(* Let $\mathcal T$ be an orbital category. The monotone map $\mathfrak R:\mathrm{wIndSys}^{uni}_{\mathcal T}\to\mathrm{Transf}_{\mathcal T}$ has a fully faithful right adjoint, given by the composite of the inverse of the bijection $\mathfrak R|:\mathrm{IndSys}_{\mathcal T}\xrightarrow{\sim}\mathrm{Transf}_{\mathcal T}$ with the inclusion $\mathrm{IndSys}_{\mathcal T}\hookrightarrow\mathrm{wIndSys}^{uni}_{\mathcal T}$, and a fully faithful left adjoint given by $R\mapsto\overline{\underline{\mathbb F}}_R$.
   Context: For a small category $\mathcal T$, $\mathbb F_{\mathcal T}$ is the full subcategory of $\mathrm{Fun}(\mathcal T^{op},\mathrm{Set})$ on finite coproducts of representables; $\mathcal T$ is orbital if $\mathbb F_{\mathcal T}$ has pullbacks. $\mathbb F_V:=\mathbb F_{\mathcal T,/V}$, $*_V$ terminal, $\emptyset_V$ initial, $n\cdot S$ the $n$-fold coproduct; for $U\to V$, $\mathrm{Res}^V_U$ is pullback and $\mathrm{Ind}^V_U$ postcomposition. A full $\mathcal T$-subcategory assigns isomorphism-closed classes $\mathcal C_V\subseteq\mathrm{Ob}\,\mathbb F_V$ stable under restriction. For $S\in\mathbb F_V$ with orbits $U$ and $T_U\in\mathbb F_U$, $\coprod_U^ST_U:=\coprod_U\mathrm{Ind}_U^VT_U$. A $\mathcal T$-weak indexing system is a full $\mathcal T$-subcategory with $\mathcal C_V\neq\emptyset\Rightarrow *_V\in\mathcal C_V$ and closed under $\coprod^S_UT_U$ for $S\in\mathcal C_V$, $T_U\in\mathcal C_U$. It is unital if every $\mathcal C_V$ is nonempty and $S\sqcup S'\in\mathcal C_V\Rightarrow S,S'\in\mathcal C_V$; an indexing system if moreover each $\mathcal C_V$ is closed under finite coproducts. $\mathrm{wIndSys}^{uni}_{\mathcal T}\supseteq\mathrm{IndSys}_{\mathcal T}$ are the posets under inclusion; the poset of weak indexing systems has arbitrary meets (intersections), so for any collection $\mathcal D$ there is a smallest weak indexing system $\mathrm{Cl}_\infty(\mathcal D)$ containing it, and joins $\vee$ exist. A transfer system is a wide subcategory $R\subseteq\mathcal T$ containing all isomorphisms such that for every commutative square $V'\to V$, $\alpha':V'\to U'$, $\alpha:V\to U$, $U'\to U$ in $\mathcal T$ with $\alpha\in R$ and the induced map $V'\to V\times_UU'$ in $\mathbb F_{\mathcal T}$ a summand inclusion, $\alpha'\in R$; $\mathrm{Transf}_{\mathcal T}$ is their poset. $\mathfrak R(\mathcal C)$ is the set of maps $U\to V$ in $\mathcal T$ such that $U$, viewed as a $V$-set, lies in $\mathcal C_V$; it is a transfer system for unital $\mathcal C$, and it is a known fact that $\mathfrak R$ restricts to a bijection $\mathrm{IndSys}_{\mathcal T}\to\mathrm{Transf}_{\mathcal T}$. $\underline{\mathbb F}^0_{\mathcal T}$ has $V$-values $\{\emptyset_V,*_V\}$, and $\overline{\underline{\mathbb F}}_R:=\underline{\mathbb F}^0_{\mathcal T}\vee\mathrm{Cl}_\infty\big(\{\mathrm{Res}^W_VU\mid (U\to W)\in R,\ (V\to W)\in\mathcal T\}\big)$, where $U$ is regarded as a $W$-set. Adjoints of monotone maps: $L\dashv\pi$ iff $L(x)\le y\iff x\le\pi(y)$; fully faithful means order-reflecting. *)

From mathcomp Require Import all_boot.
Lemma intersect_incidence o o' : intersect o o' <-> incidence o o' || incidence o' o.
Proof.
rewrite /incidence /vertical_hit /horizontal_hit.
case: o => [x1 x2 y | a]; case: o' => [x1' x2' y' | b]; rewrite /interval_hits /= ?orbF.
- exact: intersect_hsegs.
- exact: intersect_vline.
- split=> [/intersect_sym/intersect_vline // | h].
  by apply/intersect_sym/intersect_vline.
- rewrite intersect_vline /=; split=> [-> // | /orP[// | /le_anti ->]].
  by rewrite lexx.
Qed.

End Objects.

Theorem lemma18 :
  exists C : nat, forall (n : nat) (O : 'I_n -> obj),
    exists H : rel 'I_n,
      is_hop_spanner (inter_graph O) H 3 /\ num_edges H <= C * n.
Proof.
exists 24 => n O.
have [Fv cover_v] :=
  interval_hits_cover predT (is_vline \o O) (xmin \o O) (xmax \o O) (xmin \o O).
have [Fh cover_h] :=
  interval_hits_cover (is_hseg \o O) (is_hseg \o O) (yx_min \o O) (yx_max \o O) (yx_min \o O).
have cover := hop3_coverU cover_v cover_h; have [deg _ _] := cover.
exists (adj (fun v => Fv v :|: Fh v)); split; last exact: num_edges_adj deg.
apply: hop_spanner_of_cover cover => u v.
by rewrite /inter_graph (intersect_incidence (O u)); split=> [[-> ->] | /andP[-> ->]].
Qed.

◆ **WHAT IS NEEDED**
Starting at the line that contains "apply: hop_spanner_of_cover cover => u v.", retype each line through the end of the listing above and nothing else.

◆ **RESULT FOR THIS TASK**
apply: hop_spanner_of_cover cover => u v.
by rewrite /inter_graph (intersect_incidence (O u)); split=> [[-> ->] | /andP[-> ->]].
Qed.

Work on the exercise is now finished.